Jun 18, 2006 05:08
When i was a kid, growing up in Cortland Ohio. I used to lay in my bed, during the early hours & listen to the clutter and noise from outside. I'd stare up at my ceiling and walls that had been stenciled with flowers by my mother, and i'd sit and listen to the neighbors kids running around. I'd hear the grass being cut two houses down, and the sounds of laughter from kids racing bikes, as their parents stood in circles discussing and comparing the latest "terror" story their kids have produced. In the very early morning i could hear the crickets and birds, and sometimes the occasional yelps of the frogs from the pond across the street. I'd sit in bed and wait. Wait until my mom would come to wake me up, hassle me out of bed to take my Flintstones vitamin & eat breakfast. Wait for my little brother to come and leap on the bed and poke me uncontrollably until i screamed for my father to make him stop. I'd sit and wait until someone would come get me & start my day for me. Those summer days consisted of riding bikes up and down the street. Us girls getting chased by the boys. Making lemonade stands or pretend restraunts outside to make extra "cash." As if we had anything we really needed, or could for that matter, buy at the time. We were young and free. I didnt have a care in the world. I got up when my mom said to, played outside all day. Most of the time had lunch at a friends house, or if it was my turn everyone ate at my house. I'd play outside until it got "dark" which at the time was 7pm. I'd come in, and by my mom's command.. the same way she woke me up and started each day..she would read to us and send us back to sleep to start the whole process over again...

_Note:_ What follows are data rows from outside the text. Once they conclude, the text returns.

Lemma lagr_ray_y : exists K, forall s, L x (scalev s y) w lam =
  s ^+ 2 * dotv y y - 2 * c * s * dotv x y
  + s ^+ m.-1 * dotv al (tapp A y) - et * s * eT y + K.
Proof.
exists (c ^+ 2 * dotv x x + dotv x w ^+ 2 - dotv al (fun k => w k + tapp B x k)
  - \sum_(i < r) be i * (hd x i ^+ 2 - tlsq x i) - \sum_(i < r) ga i * hd x i
  - \sum_(i < r) mu i * (hd w i ^+ 2 - tlsq w i) - \sum_(i < r) th i * hd w i
  - de * (eT x - 1) + et * c) => s.
rewrite /lagr fobj_expand eT_scalev !dotv_scalevl !dotv_scalevr.
have -> : dotv al (fun k => w k - tapp A (scalev s y) k + tapp B x k) =
    dotv al (fun k => w k + tapp B x k) - s ^+ m.-1 * dotv al (tapp A y).
  rewrite /dotv mulr_sumr -sumrB; apply: eq_bigr => k _ /=.
  by rewrite tapp_scalev; ring.
ring.
Qed.

Lemma lagr_ray_w : exists K, forall s, L x y (scalev s w) lam =
  s ^+ 2 * dotv x w ^+ 2 - s * dotv al w
  - s ^+ 2 * \sum_(i < r) mu i * (hd w i ^+ 2 - tlsq w i)
  - s * \sum_(i < r) th i * hd w i + K.
Proof.
exists (c ^+ 2 * dotv x x - 2 * c * dotv x y + dotv y y
  - dotv al (fun k => tapp B x k - tapp A y k)
  - \sum_(i < r) be i * (hd x i ^+ 2 - tlsq x i) - \sum_(i < r) ga i * hd x i
  - de * (eT x - 1) - et * (eT y - c)) => s.
rewrite /lagr fobj_expand sum_cone_scalev sum_hd_scalev dotv_scalevr.
have -> : dotv al (fun k => scalev s w k - tapp A y k + tapp B x k) =
    s * dotv al w + dotv al (fun k => tapp B x k - tapp A y k).
  rewrite /dotv mulr_sumr -big_split; apply: eq_bigr => k _ /=.
  by rewrite /scalev; ring.
ring.
Qed.
(* Let $P_0=P_0(q)=\sum_{j\ge1}(-1)^{j-1}(2j-1)q^{j(j-1)/2}$ and let $\Theta=q\frac{d}{dq}$. For every $m\ge1$, \[\Theta^m(P_0)=-3P_0P_m,\] where $P_m$ is a polynomial in $A_0,A_1,\dots,A_{m-1}$ with rational coefficients. Moreover $P_1=A_0$ and $P_{m+1}=\Theta(P_m)-3A_0P_m$ for $m\ge1$.
   Context: For $m\ge1$ let $\sigma(m)$ be the sum of positive divisors of $m$, and $A_i=A_i(q)=\sum_{m\ge1}m^i\sigma(m)q^m$ for $i\ge0$ (so $\Theta(A_i)=A_{i+1}$). Everything is regarded as power series in $q$ (equivalently, functions of $0<q<1$). *)

(* Formal power series in q with rational coefficients are
   represented by their coefficient sequences  nat -> rat  (coefficient of q^n). *)
From mathcomp Require Import all_boot all_order all_algebra.
Set Implicit Arguments. Unset Strict Implicit. Unset Printing Implicit Defensive.
Import Order.TTheory GRing.Theory Num.Theory.
Local Open Scope ring_scope.

Definition series := nat -> rat.

Definition sconst (c : rat) : series := fun n => if n == 0%N then c else 0.
Definition sadd (f g : series) : series := fun n => f n + g n.
Definition sscale (c : rat) (f : series) : series := fun n => c * f n.
Definition smul (f g : series) : series :=
  fun n => \sum_(k < n.+1) f k * g (n - k)%N.
Definition Theta (f : series) : series := fun n => n%:R * f n.

Definition sigma (m : nat) : nat := \sum_(d <- divisors m) d.

Definition A (i : nat) : series :=
  fun n => if n == 0%N then 0 else (n ^ i * sigma n)%:R.

(* P_0 = sum_{j>=1} (-1)^(j-1) (2j-1) q^(j(j-1)/2) ; the exponent j(j-1)/2 = n
   forces j <= n+1, so the sum below has at most one nonzero term. *)
Definition P0 : series :=
  fun n => \sum_(1 <= j < n.+2 | ((j * j.-1) %/ 2 == n)%N)
             (-1) ^+ j.-1 * (2 * j - 1)%:R.

Inductive polyInA (m : nat) : series -> Prop :=
  | polyInA_const c : polyInA m (sconst c)
  | polyInA_gen i : (i < m)%N -> polyInA m (A i)
  | polyInA_add f g : polyInA m f -> polyInA m g -> polyInA m (sadd f g)
  | polyInA_mul f g : polyInA m f -> polyInA m g -> polyInA m (smul f g).

(* Jacobi's identity says that P0 = prod_(n >= 1) (1 - q^n)^3, so the logarithmic
   derivative of P0 is -3 sum_e e q^e / (1 - q^e) = -3 A_0, i.e. Theta P0 = -3 P0 A_0.
   As Theta is a derivation with Theta A_i = A_(i+1), the formula for Theta^m P0 and
   the polynomiality of P_m then follow by induction on m.
   Jacobi's identity is proved modulo q^(n+1) from a finite identity: for
   S(w) = prod_(i < 2n+1) (w - q^i), evaluate 2 w S'(w) - (2n+1) S(w) at the root
   w = q^n, once directly and once after expanding S by the q-binomial theorem.
   Pairing the terms k = n - j and k = n + 1 + j of the expansion gives
   sum_(j <= n) (-1)^j (2j+1) q^(j(j+1)/2) [2n+1, n-j]_q = (q;q)_n^2,
   and (q;q)_n [2n+1, n-j]_q = 1 modulo q^(n-j+1). *)

From mathcomp Require Import all_boot all_order all_algebra.
From mathcomp Require Import ring zify.
From Stdlib Require Import FunctionalExtensionality.
Import GRing.Theory Num.Theory.
Local Open Scope ring_scope.

Lemma mulX_derivXn (R : nzSemiRingType) m : 'X * ('X^m)^`() = 'X^m *+ m :> {poly R}.
Proof. by case: m => [|m]; rewrite derivXn ?mulr0n ?mulr0 // mulrnAr -exprS. Qed.

Section GaussianBinomial.
Variables (R : comNzRingType) (q : R).

Fixpoint qbinom (N k : nat) : R :=
  match N, k with
  | _, 0 => 1
  | 0, _.+1 => 0
  | N.+1, k.+1 => qbinom N k.+1 + q ^+ (N - k) * qbinom N k
  end.

Lemma qbinom0 N : qbinom N 0 = 1. Proof. by case: N. Qed.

Im twenty years old now. I dont live in ohio anymore, and i couldnt even tell you half my neighbors names if you asked me. When i wake up in the morning i hear the radio left on from last night. I hear the unnesessarily loud fan from my laptop blowing on the bed beside me. I dont wake up and hear people cutting their grass. And on a rare occasion can i make out kids running around outside over the radio in my room. My mom doesnt wake me up anymore..Unless its 3pm and i still havent woken up from the night before which ended at around 6am..This happens often for me. However she doesnt run in and start my day the way she used to. Im twenty years old..she shouldnt have to. My little brother never comes in and pokes me. Half the time he's out being a rockstar before im even awake. He has his own life, almost seperate from mine completely & our mornings start at two different times. I dont wake up in the comfy pj's mom picked out for me the night before. Half the time my makeup is still stuck to my face & im wearing the shirt i had on the night before. My new summer days consist of waking up in a rush to hop in the shower and head off to work. Work. Something i never had to even think about when i woke up as a kid. There is no playing outside or lemonade stands. No racing bikes up and down the hill. Theres work. And unfortunately for most of us there is nothing i can do but go. On the days i dont work there still isnt any playing outside with my friends. It now consists of checking online for messages & looking at my cell phone to call these friends. Moms at work by the time i wake up, Dads almost always at work & if they're not..They're more than likely out busy with other things. I normally wake up alone.
I miss being a kid. I miss waking up and knowing the whole day was going to consist of "playing" with friends.Thats not all i miss about being a kid, Obviously life was much easier back then. Back when i didnt have to wear makeup to feel ok about myself. I didnt have to cry about boys or even worry about them because..lets face it..They had cooties. I never dissapointed my parents with grades, or ran from cops at parties with friends. Life was much easier back when my biggest worry was a skinned knee from falling off my bike. I'd take a skinned knee to a broken heart anyday... I took advantage of it though, just live every other kid does. I never thought about the day i'd wake up hours later and rush to work. I surely never imagined the day i'd check my cell phone before even saying hello to my own parents. Times have changed, yet there is nothing i can really do about it. I guess when you get older your "summer" gradually goes from mornings to nights. Beleive me, when i was ten years old i NEVER thought i'd spend my summer with a ton of friends drinking that gross stuff from a can my father used to drink when i was little. Funny how times change. I enjoy my summer nights...but i sure do miss those summer days as a kid growing up in ohio.